Support Vector Regression-based Reduced-Reference Perceptual Quality Model for Compressed Point Clouds
Su H, Liu Q, Yuan H, Cheng Q and Hamzaoui R
Video-based point cloud compression (V-PCC) is a state-of-the-art moving picture experts group (MPEG) standard for point cloud compression. V-PCC can be used to compress both static and dynamic point clouds in a lossless, near lossless, or lossy way.

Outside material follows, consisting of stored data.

Lemma return_meets_anc v z p :
  path g z p -> pre z < pre v -> last z p \in subtree v ->
  exists seg a rest, [/\ z :: p = seg ++ a :: rest, a \in anc v &
    forall w, w \in seg -> pre w < pre v /\ w \notin anc v].
Proof.
elim: p z => [|z' p IHp] z Hp Hz Hl; case za: (z \in anc v).
- by exists [::], z, [::].
- by move: Hl => /subtreeP; rewrite /below /=; lia.
- by exists [::], z, (z' :: p).
move: Hp => /= /andP[gzz' Hp].
have [seg [a [rest [-> Ha Hseg]]]] := IHp z' Hp (pre_arc_outside Hz (negbT za) gzz') Hl.
exists (z :: seg), a, rest; split=> // w; rewrite inE => /orP[/eqP->|/Hseg //].
by rewrite za.
Qed.

Lemma index_anc_below y v a : below y v -> a \in anc v ->
  a \in anc y /\ index a (anc v) <= index a (anc y).
Proof.
move=> Hyv Ha; have [Hva av] := (mem_anc v a).1 Ha.
have [s Es Hs] := below_anc_cat Hyv.
have aS : a \notin s by apply/negP => /Hs Hav; rewrite (below_anti Hav Hva) eqxx in av.
have ay : a != y.
  by apply: contraTneq Ha => ->; apply/negP => /pre_anc; move: Hyv; rewrite /below; lia.
have aYanc : a \in y :: anc y by rewrite Es mem_cat inE Ha !orbT.
split; first by move: aYanc; rewrite inE (negbTE ay).
have : index a (y :: anc y) = index a (s ++ v :: anc v) by rewrite Es.
rewrite index_cat (negbTE aS) /= !(eq_sym _ a) (negbTE av) (negbTE ay).
lia.
Qed.

Lemma tree_path_to_anc y a : a \in anc y ->
  exists T, [/\ path g a (rev (y :: T)), uniq (a :: y :: T),
    size T = index a (anc y) & {subset T <= anc y}].
Proof.
move=> Ha; pose T := take (index a (anc y)) (anc y).
have Eanc : anc y = T ++ a :: drop (index a (anc y)).+1 (anc y).
  by rewrite -{1}(nth_index a Ha) -drop_nth ?index_mem // cat_take_drop.
exists T; split.
- have := path_par_anc y; rewrite Eanc -cat_rcons cat_path => /andP[Hp _].
  suff : path (fun b c => par c == Some b) a (rev (y :: T)).
    by apply: sub_path => b c /eqP/parP[].
  by have := rev_path (fun b c => par c == Some b) y (rcons T a);
    rewrite last_rcons belast_rcons => ->.
- have := uniq_anc y; rewrite Eanc -cat_cons cat_uniq => /and3P[HyT HaT _].
  by rewrite cons_uniq HyT andbT; move: HaT => /= /norP[].
- by rewrite size_takel // ltnW // index_mem.
- exact: mem_take.
Qed.
Section CostSemicontinuity.
Variables (R : realType) (n m : nat) (N : 'rV[R]_n -> R).
Variables (f : 'rV[R]_n * 'rV[R]_m -> 'rV[R]_n) (U : set 'rV[R]_m).
Variable alpha : 'rV[R]_n -> R.
Hypotheses (hN : is_norm N) (f_cont : continuous f) (U_compact : compact U).
Hypotheses (U0 : U !=set0) (alpha_ge0 : forall x, 0 <= alpha x) (alpha_cont : continuous alpha).

Lemma Reach_fattening X : compact X -> forall k e, 0 < e -> exists2 d, 0 < d &
  forall Y, in_fattening N d Y X -> in_fattening N e (Reach f U Y k) (Reach f U X k).
Proof.
move=> cX; elim=> [|k IH] e e0; first by exists e => // Y; rewrite !Reach0.
have [d1 d10 hd1] := ball_sub_Nball hN e0.
have [d2 d20 hd2] := compact_uniform_continuity
  (compact_setX (Reach_compact U0 f_cont U_compact (k := k) cX) U_compact) f_cont d10.
have [d3 d30 hd3] := Nball_sub_ball hN d20.
have [d d0 hd] := IH _ d30.
exists d => // Y /hd hY; rewrite !ReachS => _ [[w' u] [/= Rw' Uu] <-].
have [w Rw ww'] := hY w' Rw'.
exists (f (w, u)); first by exists (w, u).
by apply: hd1; apply: (hd2 (w, u)) => //; split; [exact: hd3 | exact: ballxx].
Qed.

Lemma Psi_Reach_lower X k e : is_K X -> 0 < e ->
  \forall Y \near hausdorff_nbhs N X,
    Psi alpha (Reach f U X k) - e < Psi alpha (Reach f U Y k).
Proof.
move=> KX e0; have cRX := Reach_compact U0 f_cont U_compact (k := k) KX.1.
have [d1 d10 hd1] := Psi_fattening_lower hN alpha_ge0 alpha_cont cRX e0.
have [d d0 hd] := Reach_fattening KX.1 k d10.
apply: filterS (near_hausdorff_fattening hN KX d0) => Y [[_ Y0] hY].
by apply: hd1; [exact: Reach_neq0 | exact: hd].
Qed.
Lemma cross_ge_max_PNE_gt Psi j : j < max_PNE_val Psi ->
  exists p, [set Psi x | x in cross p] \subset [set v : 'I_(K * K) | j <= v].
Proof.
move=> lt_j_max; have [|p PNEp eq_max] := @max_PNE_valP Psi; first exact: leq_ltn_trans lt_j_max.
exists p; apply/subsetP => _ /imsetP[x /(PNE_le_cross PNEp) le_px ->].
by rewrite inE -ltnS (leq_trans _ le_px) -?eq_max.
Qed.

Lemma card_max_PNE_gt (j : nat) :
  #|[set Psi : potential K | injectiveb Psi & j < max_PNE_val Psi]| * (K * K) ^ (K + K).-1 <=
  K * K * (#|[set Psi : potential K | injectiveb Psi]| * (K * K - j) ^ (K + K).-1).
Proof.
set U := [set v : 'I_(K * K) | j <= v].
have card_D : #|{: 'I_K * 'I_K}| = K * K by rewrite card_prod card_ord.
have bad_sub : [set Psi : potential K | injectiveb Psi & j < max_PNE_val Psi] \subset
    \bigcup_p injs_into U (cross p).
  apply/subsetP => Psi; rewrite inE => /andP[injPsi /cross_ge_max_PNE_gt[p crossU]].
  by apply/bigcupP; exists p; rewrite // inE injPsi.
have cross_bound p : #|injs_into U (cross p)| * (K * K) ^ (K + K).-1 <=
    #|[set Psi : potential K | injectiveb Psi]| * (K * K - j) ^ (K + K).-1.
  have := @card_injs_into_le _ _ U (cross p).
  by rewrite card_D card_cross card_ord_ge; apply; apply: leq_subr.
apply: leq_trans (_ : _ <= (\sum_p #|injs_into U (cross p)|) * (K * K) ^ (K + K).-1) _.
  rewrite leq_mul2r (leq_trans (subset_leq_card bad_sub)) ?orbT //.
  exact: card_big_setU.
rewrite big_distrl /= -[X in _ <= X * _]card_D -sum_nat_const; exact: leq_sum.
Qed.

Many objective quality metrics have been proposed for distorted point clouds. Most of these metrics are full-reference metrics that require both the original point cloud and the distorted one. However, in some real-time applications, the original point cloud is not available, and no-reference or reduced-reference quality metrics are needed. Three main challenges in the design of a reduced-reference quality metric are how to build a set of features that characterize the visual quality of the distorted point cloud, how to select the most effective features from this set, and how to map the selected features to a perceptual quality score. We address the first challenge by proposing a comprehensive set of features consisting of compression, geometry, normal, curvature, and luminance features. To deal with the second challenge, we use the least absolute shrinkage and selection operator (LASSO) method, which is a variable selection method for regression problems. Finally, we map the selected features to the mean opinion score in a nonlinear space. Although we have used only 19 features in our current implementation, our metric is flexible enough to allow any number of features, including future more effective ones. Experimental results on the Waterloo point cloud dataset version 2 (WPC2.0) and the MPEG point cloud compression dataset (M-PCCD) show that our method, namely PCQAML, outperforms state-of-the-art full-reference and reduced-reference quality metrics in terms of Pearson linear correlation coefficient, Spearman rank order correlation coefficient, Kendall's rank-order correlation coefficient, and root mean squared error.